Kripal began the lecture with a video clip from his film exploring one instance of the paranormal. He believes that people who want to talk about these things are humiliated, so they stay silent. As a result, the paranormal has become a taboo subject.

But Kripal wants to change things. Even though he thinks a lot of people are ready for discussion, he believes people lack the language to speak about these things.

“I liked how the speaker explained the relationship between having a vocabulary for a phenomenon and people’s willingness and [comfort] to speak about the phenomenon,” junior dance major Christine Harris said.

Kripal made it very clear that he does not believe that the paranormal violates materialism in modern science, nor does he think it’s amenable to the scientific method. From the beginning of his lecture, he said that he believes the place for the paranormal is in the sacred study of religion, defining sacred as the divine in positive or negative form—not the good.

Freshman Sheny Palacios said that she found a lot of Kripal’s ideas interesting.
“He wants get the public to believe in something small about the ‘paranormal,’” Palacios said. “First he wants to get people to believe that it does exist, then have people believe in his theories about the paranormal.”

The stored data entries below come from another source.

(* Let $P$ be a finite graded poset of rank $n$ with $\hat0$ and $\hat1$ admitting an $S_n$ EL-labeling $\lambda$, and let $U_1,\dots,U_{n-1}:\mathcal{M}(P)\to\mathcal{M}(P)$ be the maps defined below. Then $U_i^2=U_i$ for all $i$, $U_iU_j=U_jU_i$ whenever $|i-j|\ge2$, and $U_iU_{i+1}U_i=U_{i+1}U_iU_{i+1}$ for $i=1,\dots,n-2$. Consequently, extending the $U_i$ linearly to $\mathbb{C}\mathcal{M}(P)$ and letting $T_i$ act as $-U_i$ gives a representation of the 0-Hecke algebra $\mathcal{H}_n(0)$ on $\mathbb{C}\mathcal{M}(P)$. Moreover, if $U_i(\mathfrak m)\ne\mathfrak m$ then the label permutation of $U_i(\mathfrak m)$ is $\omega_{\mathfrak m}s_i$, which has one fewer inversion than $\omega_{\mathfrak m}$.
   Context: Definitions: for a finite graded poset $P$ of rank $n$ with $\hat0,\hat1$, $\mathcal{M}(P)$ is its set of maximal chains and $\mathcal{E}(P)$ its set of covering pairs. An edge-labeling $\lambda:\mathcal{E}(P)\to\mathbb{Z}$ is an EL-labeling if every interval $[s,t]$ has exactly one maximal chain whose labels (read bottom to top) are weakly increasing, and its label sequence is strictly lexicographically smaller than that of every other maximal chain of $[s,t]$. It is an $S_n$ EL-labeling if moreover for every maximal chain $\mathfrak m:\hat0=x_0<\cdots<x_n=\hat1$ the sequence $\omega_{\mathfrak m}=(\lambda(x_0,x_1),\dots,\lambda(x_{n-1},x_n))$ is a permutation of $[n]$. The descent set of $\mathfrak m$ is the descent set of $\omega_{\mathfrak m}$. For $i\in[n-1]$, $U_i(\mathfrak m)$ is the unique maximal chain of $P$ that agrees with $\mathfrak m$ except possibly at its element of rank $i$ and has no descent at $i$. $s_i$ is the adjacent transposition $(i\ i+1)$; permutations compose right to left. The 0-Hecke algebra $\mathcal{H}_n(0)$ is the $\mathbb{C}$-algebra generated by $T_1,\dots,T_{n-1}$ subject to $T_i^2=-T_i$, $T_iT_j=T_jT_i$ for $|i-j|\ge2$, and $T_iT_{i+1}T_i=T_{i+1}T_iT_{i+1}$. *)

From HB Require Import structures.
From mathcomp Require Import all_boot all_order all_algebra.
Set Implicit Arguments. Unset Strict Implicit. Unset Printing Implicit Defensive.
Import Order.Theory GRing.Theory.

Section Poset.
Context {d : Order.disp_t} {T : finTBPOrderType d}.
Local Open Scope order_scope.

Definition covers (x y : T) : bool :=
  (x < y) && [forall z : T, ~~ ((x < z) && (z < y))].

Definition sat_chain (s t : T) (c : seq T) : bool :=
  if c is x :: c' then [&& x == s, path covers x c' & last x c' == t] else false.

Definition graded_rank (n : nat) : Prop :=
  forall c, sat_chain \bot \top c -> size c = n.+1.

Definition labels (lam : T -> T -> int) (c : seq T) : seq int :=
  if c is x :: c' then pairmap lam x c' else [::].

Fixpoint lexlt (s t : seq int) : bool :=
  match s, t with
  | a :: s', b :: t' => ((a < b)%R || ((a == b) && lexlt s' t'))
  | _, _ => false
  end.

Definition weakly_incr (w : seq int) : bool := sorted (fun a b => (a <= b)%R) w.

Definition EL_labeling (lam : T -> T -> int) : Prop :=
  forall s t : T, s <= t ->
    exists c, [/\ sat_chain s t c, weakly_incr (labels lam c) &
      forall c', sat_chain s t c' -> c' != c ->
        ~~ weakly_incr (labels lam c') && lexlt (labels lam c) (labels lam c')].

Definition Sn_EL_labeling (n : nat) (lam : T -> T -> int) : Prop :=
  EL_labeling lam /\
  forall c, sat_chain \bot \top c ->
    perm_eq (labels lam c) [seq (i%:Z)%R | i <- iota 1 n].

(* M(P), the maximal chains, as (n+1)-tuples x_0 < ... < x_n *)
Definition mchain (n : nat) : Type :=
  {t : n.+1.-tuple T | sat_chain \bot \top t}.

Definition omega (lam : T -> T -> int) (n : nat) (m : mchain n) : seq int :=
  labels lam (val m).

End Poset.

(* descent of a word at position i (1-indexed, i in [n-1]) *)
Definition descent (w : seq int) (i : nat) : bool :=
  (nth 0%R w i < nth 0%R w i.-1)%R.
Lemma dsup_fun_point D : directed pto D -> is_Lpoint (dsup_fun D).
Proof.
  intros [HD_top HD_pair]. unfold dsup_fun. split; [| split].
  - intros A B C HC. apply le_antisym.
    + apply wsup_least. intro q. rewrite (pt_meet (proj2_sig q) HC).
      apply meet_glb; apply (le_wsup (i := q)); meet_auto.
    + apply meet_wsupl_le. intro q. apply meet_wsupr_le. intro r.
      le_via (meet (meet (pv q A) (pv r B)) (meet (D q) (D r))).
      le_via (meet (meet (pv q A) (pv r B))
                   (wsup (fun z => meet (D z) (meet (pto q z) (pto r z))))).
      { apply meet_mono; [apply le_refl | apply HD_pair]. }
      apply meet_wsupr_le. intro z. apply (le_wsup (i := z)).
      rewrite (pt_meet (proj2_sig z) HC). apply meet_glb; [apply meet_glb | meet_auto].
      * le_via (meet (pto q z) (pv q A)). apply pt_order_le.
      * le_via (meet (pto r z) (pv r B)). apply pt_order_le.
  - intros S C HC. apply le_antisym.
    + apply wsup_least. intro q. rewrite ((proj1 (proj2 (proj2_sig q))) S C HC).
      apply meet_wsupl_le. intro A. apply (le_wsup (i := A)), (le_wsup (i := q)), le_refl.
    + apply wsup_least. intro A. apply wsup_least. intro q. apply (le_wsup (i := q)).
      apply meet_mono; [| apply le_refl].
      rewrite ((proj1 (proj2 (proj2_sig q))) S C HC).
      apply (wsup_ub (fun A : {A : so | S A} => pv q (proj1_sig A)) A).
  - intros l C HC. apply le_antisym.
    + apply wsup_least. intro q. rewrite (pt_const (proj2_sig q) HC). apply meet_lb1.
    + le_via (meet l (wsup D)). { apply meet_glb; [apply le_refl | rewrite HD_top; apply le_top]. }
      apply meet_wsupr_le. intro q. apply (le_wsup (i := q)).
      rewrite (pt_const (proj2_sig q) HC). apply le_refl.
Qed.

Definition dsup D (HD : directed pto D) : ptL e := exist _ _ (dsup_fun_point HD).

Lemma dsup_supL D (HD : directed pto D) : is_supL pto D (dsup HD).
Proof.
  intro y. apply le_antisym.
  - apply subL_glb. intro q. change (down pto y q) with (pto q y).
    apply subL_glb. intro A.
    le_via (meet (pto (dsup HD) y) (pv (dsup HD) A)).
    { apply meet_glb; [meet_auto |]. apply (le_wsup (i := q)). meet_auto. }
    apply pt_order_le.
  - apply subL_glb. intro A. apply meet_wsupr_le. intro q.
    le_via (meet (pto q y) (pv q A)).
    { apply meet_glb; [| meet_auto].
      le_via (meet (subL D (down pto y)) (D q)). apply (subL_lb D (down pto y) q). }
    apply pt_order_le.
Qed.

Lemma pt_supL_eval D s : directed pto D -> is_supL pto D s ->
  forall B, pv s B = dsup_fun D B.
Proof.
  intros HD Hs B.
  replace s with (dsup HD); [reflexivity |].
  apply (supL_unique pt_order_refl (proj2 (proj2 pt_Lorder)) (dsup_supL HD) Hs).
Qed.

Lemma pt_dcpo : Ldcpo pto.
Proof. intros D HD. exists (dsup HD). apply dsup_supL. Qed.

Lemma eval_upper (A : so) : upper_set pto (fun p => pv p A).
Proof. intros p q. eapply le_trans; [apply meetC_le | apply pt_order_le]. Qed.

Lemma eval_open (A : so) : scott_open pto (fun p => pv p A).
Proof. split; [apply eval_upper | intros D s HD Hs; apply (pt_supL_eval HD Hs)]. Qed.

Lemma eta_point (x : P) : is_Lpoint (fun A : so => sv A x).
Proof. split; [| split]; intros; auto. Qed.

Definition eta (x : P) : ptL e := exist _ _ (eta_point x).

Lemma eta_mono x y : le (e x y) (pto (eta x) (eta y)).
Proof.
  apply subL_glb. intro B. simpl. eapply le_trans; [apply meetC_le | apply (proj1 (proj2_sig B))].
Qed.

End PointOrder.

Section PointsOfContinuous.
Variable L : frame.
Variables (P : Type) (e : P -> P -> L).
Hypothesis He : is_Lorder e.
Hypothesis Hc : continuous_Lset e.

Notation so := (sopen e).
Notation sv A := (proj1_sig A).
Notation pv p := (proj1_sig p).
Notation pto := (@pt_order L P e).
Notation eta := (eta e).

Let eta_lower_image_directed D : directed e D -> directed pto (lower_image pto eta D) :=
  lower_image_directed (@pt_order_refl L P e) (@pt_order_trans L P e) (eta_mono e) (D := D).

Let eta_upper_wsup_lower_image U D :
  upper_set pto U ->
  wsup (fun q => meet (U q) (lower_image pto eta D q)) = wsup (fun x => meet (U (eta x)) (D x)) :=
  upper_wsup_lower_image eta (@pt_order_refl L P e) D.

Definition upx (x : P) : so := exist _ _ (wayb_open He Hc x).

Lemma pt_approx (p : ptL e) (B : so) :
  pv p B = wsup (fun x => meet (sv B x) (pv p (upx x))).
Proof.
  apply (pt_weighted_join (proj2_sig p)). intro y.
  apply scott_open_approx; [exact Hc | exact (proj2_sig B)].
Qed.

Lemma upx_le_pt_order (r : ptL e) x : le (pv r (upx x)) (pto (eta x) r).
Proof.
  apply subL_glb. intro B. simpl.
  le_via (meet (sv B x) (pv r (upx x))).
  rewrite <- (pt_const_meet (proj2_sig r) (B := upx x) (C := smeet (sconst e (sv B x)) (upx x)))
    by reflexivity.
  apply (pt_mono (proj2_sig r)). intro y. simpl.
  le_via (meet (sv B x) (e x y)).
  { apply meet_mono; [apply le_refl | apply wayb_le; apply He]. }
  apply (proj1 (proj2_sig B)).
Qed.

Kripal explained that he believed consciousness is not bound to the brain or the body. Paranormal events, he said, speak across the gap of ego or the super conscious field, namely that consciousness is out of space and time. Normally, it happens in dreams: he explained this idea with an anecdote about table lifters.

“There were three people who would play a game called “table lifting” where they would put their fingers on a table and try to lift it,” Kripal said. “One day it worked and these three people lifted the table for three hours where they saw visions of John Wayne, The Sticks and the person who built house.”

Kripal believes that the way to evoke the paranormal capacities is to feel one of two emotions: trauma or love.

The point of his film is to offer a middle way that is in between the ‘pure fiction’ devil factor that Hollywood exploits, and the ‘cheesy’ factor that the history channel explores.

“We don’t talk about it or a language with which to talk about it, although it has been present since the 1800s,” Kripal said. “However, since the 20th century, we’ve moved away from paranormal. Religions do not like the paranormal because it takes them out of the picture. With the paranormal, any person can have a direct connection with the experience and spirituality.”

Palacios addressed his concerns by saying, “I do believe that supernatural things happen, but I did not believe his theories.”

The theory he emphasized was the Filter Thesis, which says that the mind is not in the brain and that the conscious and mind are different. This theory is found in psychology and basically says we have an ID , Ego and Superego. Most of Freud’s theories are rooted in the belief of evolution as opposed to creation.

“I believe there is a spiritual realm,” Kripal said, “but it should be sought through the right means.”